Friday, January 14, 2011

The Power of the Holy Spirit

Tonight at our SP meeting we discussed a book called Reimagining Evangelism. The word evangelism tends to make me cringe. Maybe some of you share my sentiment. I want to tell people about the loving goodness and power of God, but prefer to speak with my actions rather than words. I always justified my silence by blaming my introverted personality and fear of talking to new people. While I have no doubt that the Lord can use my actions and behind the scenes service to glorify him, it unfortunately doesn't give me a free pass to avoid participating in works of evangelism.

There were two themes that this book really stressed. First, that we should shift our mindset about evangelism from activism to collaboration. It's not about how much we can do to reach people for the kingdom of God, but it's about collaborating with the work of the Holy Spirit and being sensitive to its leading. Second, evangelism is all about learning to tell our own story. "...people today tend to distrust logic and truth when it is expressed propositionally and dogmatically. But when our truth is enfleshed in the stories of our lives, people are interested" (p. 85).

Our internship class is heading into a very busy and stretching season.

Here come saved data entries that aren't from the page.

(* Assume $(X,T)$ is topologically mixing and $\phi$ satisfies (H2). Let $a\in\mathcal W^1$, $N\in\mathbb N$ with $\Omega^*=\{\omega\in\Omega_a:N_{aa}(\omega)\le N\}$ of positive measure. Then for a.e. $\omega\in\Omega^*$ and all $m,n\ge N$ with $\theta^m\omega,\theta^{m+n}\omega\in\Omega^*$, $$\mathcal Z^\omega_m(a)\,\mathcal Z^{\theta^m\omega}_n(a)\le B_{\theta^m\omega}\,\mathcal Z^\omega_{m+n}(a).$$
   Context: Let $(\Omega,\mathcal F,P)$ be a probability space and $\theta:\Omega\to\Omega$ an invertible, bimeasurable, $P$-preserving, ergodic map. Let $\ell:\Omega\to\mathbb N\cup\{\infty\}$ be measurable with $\ell_\omega>1$, and for a.e. $\omega$ let $A_\omega=(\alpha_{ij}(\omega))_{0\le i<\ell_\omega,\,0\le j<\ell_{\theta\omega}}$ be a $\{0,1\}$-matrix depending measurably on $\omega$ such that every row contains an entry $1$. Put $X_\omega=\{x=(x_0,x_1,\dots): x_i<\ell_{\theta^i\omega},\ \alpha_{x_ix_{i+1}}(\theta^i\omega)=1\ \forall i\ge0\}$, $T_\omega:X_\omega\to X_{\theta\omega}$ the left shift, $T^n_\omega=T_{\theta^{n-1}\omega}\circ\cdots\circ T_\omega$. A word $w=(w_0,\dots,w_{n-1})$ is $\omega$-admissible if $w_i<\ell_{\theta^i\omega}$ for all $i<n$ and $\alpha_{w_iw_{i+1}}(\theta^i\omega)=1$ for $i<n-1$; $\mathcal W^n_\omega$ is the set of such words of length $n$; $[w]_\omega=\{x\in X_\omega: x_i=w_i,\ i<n\}$; $\Omega_w=\{\omega: w\in\mathcal W^n_\omega\}$; $\mathcal W^n$ is the set of words $w$ of length $n$ with $P(\Omega_w)>0$. $(X,T)$ is topologically mixing if for all $a,b\in\mathcal W^1$ there is an $\mathbb N$-valued random variable $N_{ab}$ with $[a]_\omega\cap(T^n_\omega)^{-1}[b]_{\theta^n\omega}\ne\emptyset$ whenever $\omega\in\Omega_a$, $n\ge N_{ab}(\omega)$, $\theta^n\omega\in\Omega_b$. A potential is a measurable $\phi:X\to\mathbb R$, $(\omega,x)\mapsto\phi^\omega(x)$; $\phi^\omega_n(x)=\sum_{k=0}^{n-1}\phi^{\theta^k\omega}(T^k_\omega x)$; $V^\omega_n(\phi)=\sup\{|\phi^\omega(x)-\phi^\omega(y)|: x_i=y_i\ (i<n)\}$. $\phi$ is $k$-Hölder if there are $r\in(0,1)$ and a random variable $\kappa\ge1$ with $\int\log\kappa\,dP<\infty$ and $V^\omega_j(\phi)\le\kappa(\omega)r^j$ for all $j\ge k$, a.e. $\omega$; then $B_\omega:=\exp\sum_{j\ge1}\kappa(\theta^{-j}\omega)r^j$. (H2): $\phi$ is 2-Hölder and $\int\log B_\omega\,dP<\infty$. $L^{\omega,n}_\phi$ denotes the $n$-fold Ruelle operator, $L^{\omega,n}_\phi f(x)=\sum_{y\in X_\omega,T^n_\omega y=x}e^{\phi^\omega_n(y)}f(y)$. For $a\in\mathcal W^1$, $\omega\in\Omega_a$: $\mathcal W^n_\omega(a,a)=\{w\in\mathcal W^n_\omega: w_0=a,\ \alpha_{w_{n-1}a}(\theta^{n-1}\omega)=1\}$; fix a measurable family $\xi_\omega\in X_\omega$ with $\xi_\omega\in[a]_\omega$ for $\omega\in\Omega_a$; $\tau_w$ is the inverse of $T^n_\omega|_{[w]_\omega}$; $\mathcal Z^\omega_n(a)=\sum_{w\in\mathcal W^n_\omega(a,a)}e^{\phi^\omega_n(\tau_w(\xi_{\theta^n\omega}))}=L^{\omega,n}_\phi(1_{[a]_\omega})(\xi_{\theta^n\omega})$. *)

From HB Require Import structures.
From mathcomp Require Import all_boot all_order all_algebra.
From mathcomp Require Import all_classical all_reals all_analysis.
Set Implicit Arguments. Unset Strict Implicit. Unset Printing Implicit Defensive.
Import Order.TTheory GRing.Theory Num.Theory.
Local Open Scope classical_set_scope.
Local Open Scope ring_scope.

(* Alphabet sizes ℓ_ω ∈ ℕ ∪ {∞}: [None] encodes ∞. *)
Definition lt_ell (l : option nat) (i : nat) : Prop :=
  match l with None => True | Some n => (i < n)%N end.
Definition gt1_ell (l : option nat) : Prop :=
  match l with None => True | Some n => (1 < n)%N end.

Section Defs.
Context {d : measure_display} {Omega : measurableType d} {R : realType}.

Definition Omega_sym (ell : Omega -> option nat) (a : nat) : set Omega :=
  [set w | lt_ell (ell w) a].

Definition Xfib (theta : Omega -> Omega) (ell : Omega -> option nat)
  (alpha : Omega -> nat -> nat -> bool) (w : Omega) : set (nat -> nat) :=
  [set x | forall i, lt_ell (ell (iter i theta w)) (x i) /\
                     alpha (iter i theta w) (x i) (x i.+1)].

Definition Xtot theta ell alpha : set (Omega * (nat -> nat)) :=
  [set p | Xfib theta ell alpha p.1 p.2].

Definition admissible (theta : Omega -> Omega) (ell : Omega -> option nat)
  (alpha : Omega -> nat -> nat -> bool) (w : Omega) (u : seq nat) : Prop :=
  forall i, (i < size u)%N ->
    lt_ell (ell (iter i theta w)) (nth 0%N u i) /\
    ((i.+1 < size u)%N -> alpha (iter i theta w) (nth 0%N u i) (nth 0%N u i.+1)).

Definition Waa theta ell alpha (w : Omega) (n a : nat) : set (seq nat) :=
  [set u | size u = n /\ admissible theta ell alpha w u /\ nth 0%N u 0 = a /\
           alpha (iter n.-1 theta w) (nth 0%N u n.-1) a].

Definition shiftk (k : nat) (x : nat -> nat) : nat -> nat := fun i => x (i + k)%N.

Definition birk (theta : Omega -> Omega) (phi : Omega -> (nat -> nat) -> R)
  (w : Omega) (n : nat) (x : nat -> nat) : R :=
  \sum_(k < n) phi (iter k theta w) (shiftk k x).

Definition tau (u : seq nat) (x : nat -> nat) : nat -> nat :=
  fun i => if (i < size u)%N then nth 0%N u i else x (i - size u)%N.

Definition Zpart theta ell alpha (phi : Omega -> (nat -> nat) -> R)
  (xi : Omega -> nat -> nat) (a : nat) (w : Omega) (n : nat) : \bar R :=
  (\esum_(u in Waa theta ell alpha w n a)
     (expR (birk theta phi w n (tau u (xi (iter n theta w)))))%:E)%E.

Definition Var theta ell alpha (phi : Omega -> (nat -> nat) -> R)
  (w : Omega) (n : nat) : \bar R :=
  ereal_sup [set e | exists x y, Xfib theta ell alpha w x /\ Xfib theta ell alpha w y /\
       (forall i, (i < n)%N -> x i = y i) /\ e = (`|phi w x - phi w y|)%:E].

Definition logB (thetainv : Omega -> Omega) (kappa : Omega -> R) (r : R)
  (w : Omega) : \bar R :=
  (\sum_(1 <= j <oo) (kappa (iter j thetainv w) * r ^+ j)%:E)%E.

Definition Bfac thetainv kappa r w : \bar R := expeR (logB thetainv kappa r w).

Definition cyl_gen : set (set (nat -> nat)) :=
  [set C | exists i k, C = [set x | x i = k]].
Definition prod_gen : set (set (Omega * (nat -> nat))) :=
  [set C | exists A i k, measurable A /\ C = [set p | A p.1 /\ p.2 i = k]].
Definition cyl_measurable : set (set (nat -> nat)) := smallest (sigma_algebra setT) cyl_gen.
Definition prod_measurable : set (set (Omega * (nat -> nat))) :=
  smallest (sigma_algebra setT) prod_gen.

Definition potential_measurable theta ell alpha (phi : Omega -> (nat -> nat) -> R) :=
  forall B : set R, measurable B ->
    prod_measurable (Xtot theta ell alpha `&` [set p | B (phi p.1 p.2)]).

Definition family_measurable (xi : Omega -> nat -> nat) :=
  forall C, cyl_measurable C -> measurable (xi @^-1` C).

Definition holder (P : probability Omega R) theta ell alpha
  (phi : Omega -> (nat -> nat) -> R) (k : nat) (r : R) (kappa : Omega -> R) :=
  [/\ 0 < r < 1, (forall w, 1 <= kappa w), measurable_fun setT kappa,
      (\int[P]_w (ln (kappa w))%:E < +oo)%E &
      {ae P, forall w j, (k <= j)%N -> (Var theta ell alpha phi w j <= (kappa w * r ^+ j)%:E)%E}].

Definition H2 (P : probability Omega R) theta thetainv ell alpha phi r kappa :=
  holder P theta ell alpha phi 2 r kappa /\
    (\int[P]_w logB thetainv kappa r w < +oo)%E.

Definition W1 (P : probability Omega R) ell (a : nat) : Prop :=
  (0 < P (Omega_sym ell a))%E.

(* topological mixing, witnessed by the random variables Nmix a b = N_ab *)
Definition top_mixing_with (P : probability Omega R) theta ell alpha
  (Nmix : nat -> nat -> Omega -> nat) :=
  forall a b, W1 P ell a -> W1 P ell b ->
    (forall k, measurable [set w | Nmix a b w = k]) /\
    (forall w n, Omega_sym ell a w -> (Nmix a b w <= n)%N ->
       Omega_sym ell b (iter n theta w) ->
       exists x, Xfib theta ell alpha w x /\ x 0%N = a /\ x n = b).

Definition invertible_mpt_ergodic (P : probability Omega R) (theta thetainv : Omega -> Omega) :=
  [/\ cancel theta thetainv /\ cancel thetainv theta,
      measurable_fun setT theta, measurable_fun setT thetainv,
      (forall A, measurable A -> P (theta @^-1` A) = P A) &
      (forall A, measurable A -> theta @^-1` A = A -> P A = 0%E \/ P A = 1%E)].

Definition shift_data (P : probability Omega R) theta ell (alpha : Omega -> nat -> nat -> bool) :=
  [/\ (forall k, measurable (ell @^-1` [set k])),
      (forall w, gt1_ell (ell w)),
      (forall i j, measurable [set w | alpha w i j]) &
      {ae P, forall w i, lt_ell (ell w) i ->
                exists j, lt_ell (ell (theta w)) j /\ alpha w i j}].

End Defs.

February 1 marks the beginning of our "ministry projects". We're not yet sure what our ministry project will consist of, but what we do know is that we will be making an intense commitment to our neighbors/neighborhood and to being faithful to the ministry to which God calls us. Our schedule will be very full with SP meetings, ministry obligations, and regular encounters with our neighbors.

This season of the internship is also a great season to really be thinking about evangelism. It's clear that the Lord is really going to challenge and stretch our team to know our neighbors. And I think he will also grow us in the way of evangelism - calling us to be bold, to take risks, and to overcome our insecurities and fears. It's with excitement and reservation that I type these words. I desire so badly to grow in evangelism, but I also cringe at the thought of talking to strangers and talking about spirituality.

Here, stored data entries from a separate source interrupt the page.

(* Let $\mathcal A$ be a linearly ordered $\mathbf{UL}_\omega$-algebra and let $B=\{p_1,\dots,p_k\}\subseteq A$. Let $$M=\Big\{\prod_{i=1}^kp_i^{\alpha(i)}:\alpha\in\mathbb N^k\Big\},$$ and for $a\in M$ and $b\in B$ let $(a\mapsto b]=\{c\in M: ac\le b\}$. For every $p\in B$, let $M\Rightarrow p=\{(m\mapsto p]: m\in M\}$. Then: (i) $M\Rightarrow p$ is linearly ordered under set inclusion; (ii) $M\Rightarrow p$ is finite.
   Context: A $\mathbf{UL}$-algebra is a structure $\langle A,\wedge,\vee,\cdot,\to,e,f,\bot,\top\rangle$ such that: - $\langle A,\wedge,\vee,\bot,\top\rangle$ is a bounded lattice; - $\langle A,\cdot,e\rangle$ is a commutative monoid; - $xy\le z$ iff $y\le x\to z$; - for all $x,y,u,v$: $\lambda_u((x\vee y)\to x)\vee\lambda_v((x\vee y)\to y)=e$, where $\lambda_a(b)=(a\to ba)\wedge e$. A $\mathbf{UL}_\omega$-algebra is a $\mathbf{UL}$-algebra satisfying $x\to e=x^2\to e$ for all $x$. This class includes all $\mathbf{IUL}_\omega$-algebras. Powers: $x^0=e$, $x^{n+1}=x^nx$. $\mathbb N=\{0,1,2,\dots\}$, and $\alpha(i)$ is the $i$-th component of $\alpha\in\mathbb N^k$. *)

From mathcomp Require Import all_boot.
Set Implicit Arguments. Unset Strict Implicit. Unset Printing Implicit Defensive.

Record ULalg := {
  car :> Type;
  meet : car -> car -> car;
  join : car -> car -> car;
  mul  : car -> car -> car;
  imp  : car -> car -> car;
  e : car; f : car; bot : car; top : car;
  meetA : forall x y z, meet x (meet y z) = meet (meet x y) z;
  joinA : forall x y z, join x (join y z) = join (join x y) z;
  meetC : forall x y, meet x y = meet y x;
  joinC : forall x y, join x y = join y x;
  meet_absorb : forall x y, meet x (join x y) = x;
  join_absorb : forall x y, join x (meet x y) = x;
  join_bot : forall x, join bot x = x;
  meet_top : forall x, meet top x = x;
  mulA : forall x y z, mul x (mul y z) = mul (mul x y) z;
  mulC : forall x y, mul x y = mul y x;
  mul_e : forall x, mul e x = x;
  (* residuation: xy <= z iff y <= x -> z, with u <= v := join u v = v *)
  residuation : forall x y z, join (mul x y) z = z <-> join y (imp x z) = imp x z;
  (* prelinearity: lambda_u((x v y) -> x) v lambda_v((x v y) -> y) = e,
     lambda_a(b) = (a -> b a) /\ e *)
  prelin : forall x y u v,
    join (meet (imp u (mul (imp (join x y) x) u)) e)
         (meet (imp v (mul (imp (join x y) y) v)) e) = e
}.

Section Ops.
Variable A : ULalg.

Definition le (x y : A) : Prop := join x y = y.

Definition ULomega : Prop := forall x : A, imp x (e A) = imp (mul x x) (e A).

Definition linearly_ordered : Prop := forall x y : A, le x y \/ le y x.

Fixpoint pw (x : A) (n : nat) : A :=
  match n with 0 => e A | n'.+1 => mul (pw x n') x end.

Definition mprod (k : nat) (p : 'I_k -> A) (alpha : 'I_k -> nat) : A :=
  foldr (fun i acc => mul acc (pw (p i) (alpha i))) (e A) (enum 'I_k).

Definition inM (k : nat) (p : 'I_k -> A) (a : A) : Prop :=
  exists alpha : 'I_k -> nat, a = mprod p alpha.

Definition seg (k : nat) (p : 'I_k -> A) (a b : A) : A -> Prop :=
  fun c => inM p c /\ le (mul a c) b.

Definition incl_set (X Y : A -> Prop) : Prop := forall c, X c -> Y c.
Definition same_set (X Y : A -> Prop) : Prop := forall c, X c <-> Y c.
End Ops.

From HB Require Import structures.
From mathcomp Require Import all_boot zify.
From Stdlib Require Import Classical ClassicalEpsilon Wf_nat.
Set Implicit Arguments. Unset Strict Implicit. Unset Printing Implicit Defensive.

(* Part (i) holds because (m |-> p] is antitone in m and A is a chain.
   For (ii), let D(al) mean prod_i p_i^al(i) <= p. The identity x -> e = x^2 -> e
   makes the sign of a monomial with respect to e depend only on the support of its
   exponent vector, so, A being a chain, D cannot be lost along one increment of the
   exponents and regained along another increment with the same support.  Combined
   with Dickson's lemma this forces D to be eventually constant in every exponent:
   there is N such that D(al) only depends on the exponents of al truncated at N.
   Hence (m |-> p] only depends on the truncated exponents of m, which take finitely
   many values. *)

Lemma tail_argmin (a : nat -> nat) j :
  exists j', j < j' /\ forall i, j < i -> a j' <= a i.
Proof.
pose P w := exists i, j < i /\ a i = w.
have [w [[[i [ji <-]] min_i] _]] :=
  dec_inh_nat_subset_has_unique_least_element P (fun w => classic (P w))
    (ex_intro P (a j.+1) (ex_intro _ j.+1 (conj (ltnSn j) erefl))).
by exists i; split=> // i' ji'; apply/leP/min_i; exists i'.
Qed.

Lemma nat_nondecreasing_subseq (a : nat -> nat) :
  exists2 phi : nat -> nat, {homo phi : m n / m < n} & {homo a \o phi : m n / m <= n}.
Proof.
have [next next_min] := choice _ (tail_argmin a).
exists (fun n => iter n.+1 next 0).
  apply: homo_ltn; first exact: ltn_trans.
  by move=> n; case: (next_min (iter n.+1 next 0)).
apply: homo_leq => //; first exact: leq_trans.
move=> n /=.
have [lt_next _] := next_min (next (iter n next 0)).
have [lt_n min_n] := next_min (iter n next 0).
exact/min_n/(ltn_trans lt_n).
Qed.

Section CoherentPredicates.
Variable k : nat.
Implicit Types (u v x y : 'I_k -> nat) (D : ('I_k -> nat) -> Prop).

Definition coherent D := forall u v u' v',
  (forall l, u l <= v l) -> (forall l, u' l <= v' l) ->
  (forall l, (u l < v l) = (u' l < v' l)) -> D u -> D v' -> D v \/ D u'.

Lemma dickson (f : nat -> 'I_k -> nat) :
  exists2 phi : nat -> nat, {homo phi : m n / m < n} &
    forall l, {homo (fun n => f (phi n) l) : m n / m <= n}.
Proof.
suff [phi phi_incr phi_mono] : exists2 phi : nat -> nat, {homo phi : m n / m < n} &
    forall l, l \in enum 'I_k -> {homo (fun n => f (phi n) l) : m n / m <= n}.
  by exists phi => // l; apply/phi_mono; rewrite mem_enum.
elim: (enum 'I_k) => [|l s [phi phi_incr phi_mono]]; first by exists id.
have [psi psi_incr psi_mono] := nat_nondecreasing_subseq (fun n => f (phi n) l).
exists (phi \o psi) => [m n /psi_incr/phi_incr //|l'].
rewrite inE => /predU1P[-> //|l's] m n mn.
exact/(phi_mono l' l's)/(ltnW_homo psi_incr).
Qed.

Variable D : ('I_k -> nat) -> Prop.
Hypothesis D_ext : forall u v, u =1 v -> D u = D v.
Hypothesis D_coherent : coherent D.

Lemma no_two_jumps i x x' y y' :
  (forall l, l != i -> x l = x' l) -> (forall l, l != i -> y l = y' l) ->
  x i < x' i -> y i < y' i -> (forall l, x' l <= y l) -> x' i < y i ->
  ~ (D x <-> D x') -> ~ (D y <-> D y') -> False.
Proof.
move=> xx' yy' xi yi x'y x'yi jump_x jump_y.
have pointwise l : [/\ x l <= x' l, y l <= y' l, x l <= y' l,
    (x l < x' l) = (y l < y' l) & (x l < y' l) = (x' l < y l)].
  have := x'y l; case: (eqVneq l i) => [->|/[dup] /xx' -> /yy' ->] x'y_l;
    by split; try apply/idP/idP; lia.
have [x_x' y_y' x_y' supp_i supp_xy] := all_and5 pointwise.
have [[Dx nDx']|[nDx Dx']] : (D x /\ ~ D x') \/ (~ D x /\ D x').
  by case: (classic (D x)); case: (classic (D x')); tauto.
all: have [[Dy nDy']|[nDy Dy']] : (D y /\ ~ D y') \/ (~ D y /\ D y')
  by case: (classic (D y)); case: (classic (D y')); tauto.
- by case: (D_coherent x_y' x'y supp_xy Dx Dy).
- by case: (D_coherent x_x' y_y' supp_i Dx Dy').
- by case: (D_coherent y_y' x_x' (fun l => esym (supp_i l)) Dy Dx').
- by case: (D_coherent x'y x_y' (fun l => esym (supp_xy l)) Dx' Dy').
Qed.

Definition stable_from i N := forall x y, (forall l, l != i -> x l = y l) ->
  N <= x i -> x i < y i -> D x <-> D y.

Lemma coherent_stable i : exists N, stable_from i N.
Proof.
apply: NNPP => no_N.
have jump N : exists xy : ('I_k -> nat) * ('I_k -> nat),
    [/\ forall l, l != i -> xy.1 l = xy.2 l, N <= xy.1 i, xy.1 i < xy.2 i
      & ~ (D xy.1 <-> D xy.2)].
  apply: NNPP => no_jump; apply: no_N; exists N => x y xy Nx lt_xy.
  by apply: NNPP => not_equiv; apply: no_jump; exists (x, y).
have [c c_jump] := choice _ jump.
have [phi phi_incr phi_mono] := dickson (fun n => (c n).1).
have phi_ge n : n <= phi n.
  by elim: n => // n IH; apply: leq_ltn_trans IH (phi_incr _ _ (ltnSn n)).
pose m := ((c (phi 0)).2 i).+1.
have [x_x' Nx x_lt jump_x] := c_jump (phi 0).
have [y_y' Ny y_lt jump_y] := c_jump (phi m).
have x'_y l : (c (phi 0)).2 l <= (c (phi m)).1 l.
  case: (eqVneq l i) => [->|/x_x' <-]; last exact: phi_mono.
  exact/ltnW/(leq_trans (phi_ge m))/(leq_trans Ny).
apply: (no_two_jumps x_x' y_y' x_lt y_lt x'_y _ jump_x jump_y).
exact: leq_trans (phi_ge m) Ny.
Qed.

Lemma coherent_trunc : exists N, forall a b,
  (forall l, minn (a l) N = minn (b l) N) -> D a <-> D b.
Proof.
have [Ns stable_Ns] := fin_all_exists coherent_stable.
exists (\max_i Ns i) => a b ab.
have stable i : stable_from i (\max_i Ns i).
  by move=> x y xy Nx; apply: stable_Ns xy (leq_trans (leq_bigmax i) Nx).
set N := \max_i Ns i in ab stable.
pose mix (s : seq 'I_k) l := if l \in s then b l else a l.
suff walk s : D a <-> D (mix s).
  by rewrite (walk (enum 'I_k)) (D_ext (v := b)) // => l; rewrite /mix mem_enum.
elim: s => [|i s IH]; first by rewrite (D_ext (v := a)).
rewrite IH.
have agree l : l != i -> mix s l = mix (i :: s) l.
  by move=> /negbTE l_i; rewrite /mix inE l_i.
have mix_i : mix (i :: s) i = b i by rewrite /mix inE eqxx.
have mix_s_i : mix s i = a i \/ mix s i = b i by rewrite /mix; case: ifP; [right|left].
have := ab i; case: (ltngtP (mix s i) (mix (i :: s) i)) => [lt|gt|eq] ab_i.
- by apply: (stable i _ _ agree _ lt); rewrite mix_i in lt; lia.
- symmetry; apply: (stable i _ _ _ _ gt) => [l /agree //|].
  by rewrite mix_i in gt *; lia.
- by rewrite (D_ext (v := mix (i :: s))) // => l; case: (eqVneq l i) => [->|/agree].
Qed.

End CoherentPredicates.

Local Infix "**" := (@mul _) (at level 40, left associativity).

Section ULTheory.
Variable A : ULalg.
Implicit Types x y z : A.

Lemma le_refl x : le x x.
Proof. by rewrite /le -{2}(meet_absorb x x) join_absorb. Qed.

Lemma le_trans x y z : le x y -> le y z -> le x z.
Proof. by rewrite /le => xy <-; rewrite joinA xy. Qed.

Lemma resP x y z : le (x ** y) z <-> le y (imp x z).
Proof. exact: residuation. Qed.

Lemma mulr_e x : x ** e A = x.
Proof. by rewrite mulC mul_e. Qed.

Lemma le_mul2l x y z : le x y -> le (z ** x) (z ** y).
Proof. by move=> xy; apply/resP/(le_trans xy)/resP/le_refl. Qed.

Lemma le_mul_e x y : le y (e A) -> le (x ** y) x.
Proof. by move=> /(le_mul2l x); rewrite mulr_e. Qed.

Lemma ge_mul_e x y : le (e A) y -> le x (x ** y).
Proof. by move=> /(le_mul2l x); rewrite mulr_e. Qed.

Lemma pwD x m n : pw x (m + n) = pw x m ** pw x n.
Proof. by elim: n => [|n IH]; rewrite ?addn0 ?mulr_e // addnS /= IH mulA. Qed.

HB.instance Definition _ :=
  Monoid.isComLaw.Build A (e A) (@mul A) (@mulA A) (@mulC A) (@mul_e A).

Definition e_equiv x x' := forall y, le (x ** y) (e A) <-> le (x' ** y) (e A).

Lemma e_equiv_mul x x' z z' :
  e_equiv x x' -> e_equiv z z' -> e_equiv (x ** z) (x' ** z').
Proof.
move=> xx' zz' y; rewrite -!mulA xx' !(mulA x') !(mulC x') -!mulA.
by rewrite zz'.
Qed.

Section Monomials.
Variables (k : nat) (p : 'I_k -> A).
Implicit Types al be : 'I_k -> nat.

Lemma mprodE al : mprod p al = \big[@mul A/e A]_(i < k) pw (p i) (al i).
Proof.
rewrite /mprod -big_enum /=.
by elim: (enum 'I_k) => [|i s IH] /=; rewrite ?big_nil ?big_cons ?IH 1?mulC.
Qed.

Lemma eq_mprod al be : al =1 be -> mprod p al = mprod p be.
Proof. by move=> al_be; rewrite !mprodE; apply: eq_bigr => i _; rewrite al_be. Qed.

Lemma mprodD al be : mprod p (fun i => al i + be i) = mprod p al ** mprod p be.
Proof. by rewrite !mprodE -big_split; apply: eq_bigr => i _; rewrite pwD. Qed.

Lemma mprod_sub al be : (forall i, al i <= be i) ->
  mprod p be = mprod p al ** mprod p (fun i => be i - al i).
Proof. by move=> al_be; rewrite -mprodD; apply: eq_mprod => i; rewrite subnKC. Qed.

End Monomials.

Lemma seg_antimonotone k (p : 'I_k -> A) m1 m2 b :
  le m1 m2 -> incl_set (seg p m2 b) (seg p m1 b).
Proof.
move=> m12 c [Mc le_c]; split=> //; apply: le_trans le_c.
by rewrite !(mulC _ c); apply: le_mul2l.
Qed.

Lemma seg_mprod_trunc k (p : 'I_k -> A) b N :
  (forall al be, (forall l, minn (al l) N = minn (be l) N) ->
     le (mprod p al) b <-> le (mprod p be) b) ->
  forall al al', (forall l, minn (al l) N = minn (al' l) N) ->
  same_set (seg p (mprod p al) b) (seg p (mprod p al') b).
Proof.
move=> trunc al al' al_al' c; split=> -[[be ->] le_c]; split; try by exists be.
all: move: le_c; rewrite -!mprodD; apply: (iffLR (trunc _ _ _)) => l.
all: by have := al_al' l; lia.
Qed.

Section Omega.
Hypothesis omega : ULomega A.

Lemma e_equiv_pw x n : 0 < n -> e_equiv (pw x n) x.
Proof.
elim: n => [//|[|n] IH _ y]; first by rewrite /= mul_e.
by rewrite /= -mulA IH // mulA !resP -omega.
Qed.

Lemma e_equiv_mprod k (p : 'I_k -> A) al be :
  (forall i, (al i == 0) = (be i == 0)) -> e_equiv (mprod p al) (mprod p be).
Proof.
move=> supp; rewrite !mprodE; apply: (big_ind2 e_equiv) => [//|x x' z z'|i _].
  exact: e_equiv_mul.
have := supp i; case: (al i) => [|m]; case: (be i) => [|n] //= _ y.
by rewrite (e_equiv_pw (p i) (ltn0Sn m) y) (e_equiv_pw (p i) (ltn0Sn n) y).
Qed.

Hypothesis linear : linearly_ordered A.

Lemma mprod_le_coherent k (p : 'I_k -> A) b : coherent (fun al => le (mprod p al) b).
Proof.
move=> u v u' v' uv uv' supp Du Dv'.
have same_supp : e_equiv (mprod p (fun l => v l - u l)) (mprod p (fun l => v' l - u' l)).
  by apply: e_equiv_mprod => l; rewrite !subn_eq0 (leqNgt (v l)) (leqNgt (v' l)) supp.
rewrite (mprod_sub p uv); rewrite (mprod_sub p uv') in Dv'.
case: (linear (mprod p (fun l => v' l - u' l)) (e A)) => [neg|pos].
  left; apply: le_trans Du; apply: le_mul_e.
  by have := same_supp (e A); rewrite !mulr_e => ->.
by right; apply: le_trans Dv'; apply: ge_mul_e.
Qed.

End Omega.
End ULTheory.

Theorem lemma4p7 (A : ULalg) (Hom : ULomega A) (Hlin : linearly_ordered A)
  (k : nat) (p : 'I_k -> A) (j : 'I_k) :
  (* (i) M => p_j is linearly ordered under inclusion *)
  (forall m1 m2 : A, inM p m1 -> inM p m2 ->
     incl_set (seg p m1 (p j)) (seg p m2 (p j)) \/
     incl_set (seg p m2 (p j)) (seg p m1 (p j))) /\
  (* (ii) M => p_j is finite: finitely many m_1..m_n in M represent all its members *)
  (exists (n : nat) (ms : 'I_n -> A), (forall i, inM p (ms i)) /\
     forall m, inM p m -> exists i : 'I_n,
       same_set (seg p m (p j)) (seg p (ms i) (p j))).
Proof.
split=> [m1 m2 _ _|].
  by case: (Hlin m1 m2) => m12; [right|left]; apply: seg_antimonotone.
have D_ext al be : al =1 be -> le (mprod p al) (p j) = le (mprod p be) (p j).
  by move=> /(eq_mprod p) ->.
have [N trunc] := coherent_trunc D_ext (mprod_le_coherent Hom Hlin (p := p) (b := p j)).
pose T := {ffun 'I_k -> 'I_N.+1}.
exists #|T|, (fun i => mprod p (fun l => (enum_val i : T) l)).
split=> [i|_ [al ->]]; first by eexists.
exists (enum_rank ([ffun l => inord (minn (al l) N)] : T)).
apply: seg_mprod_trunc trunc _ _ _ => l.
by rewrite enum_rankK ffunE inordK ?ltnS ?geq_minr // -minnA minnn.
Qed.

At the end of our meeting, our staff guy, Brad, wanted to spend some time in prayer. Instead of praying in general for our team he asked if one person might be willing to ask for prayer, confessing their fears and voicing their desire to grow and change through the power of the Holy Spirit. After a few seconds of conviction and slight panic, I voiced my desire for prayer. I've always yearned to be bathed in prayer, asking for the baptism of the Holy Spirit. I desire to be freed from my insecurities and fear of rejection. I desire to be fully secure in my identity in Christ and free to love and speak with authority. "For God has not given me a spirit of fear and timidity, but a spirit of power, of love, and of self-discipline" (2 Tim 1:7).

I was then blessed by about 20 minutes of prayer from my teammates. What a blessing! They voiced my desires and pleaded with the Holy Spirit to fill me and lead me. I was given the blessing of power and authority and my tongue was loosed to speak truth to whoever God puts in my path. I felt free, I felt empowered. I pray the Lord will continue to grow in me a spirit of power and authority and a passion for sharing his truth with my neighbors. May this change be real and lasting. Praise God!

1 comment:

  1. Absolutely beautiful, Ali! And way to go on reaching out and grabbing those prayers. That takes courage and humility. I sure love ya, friend!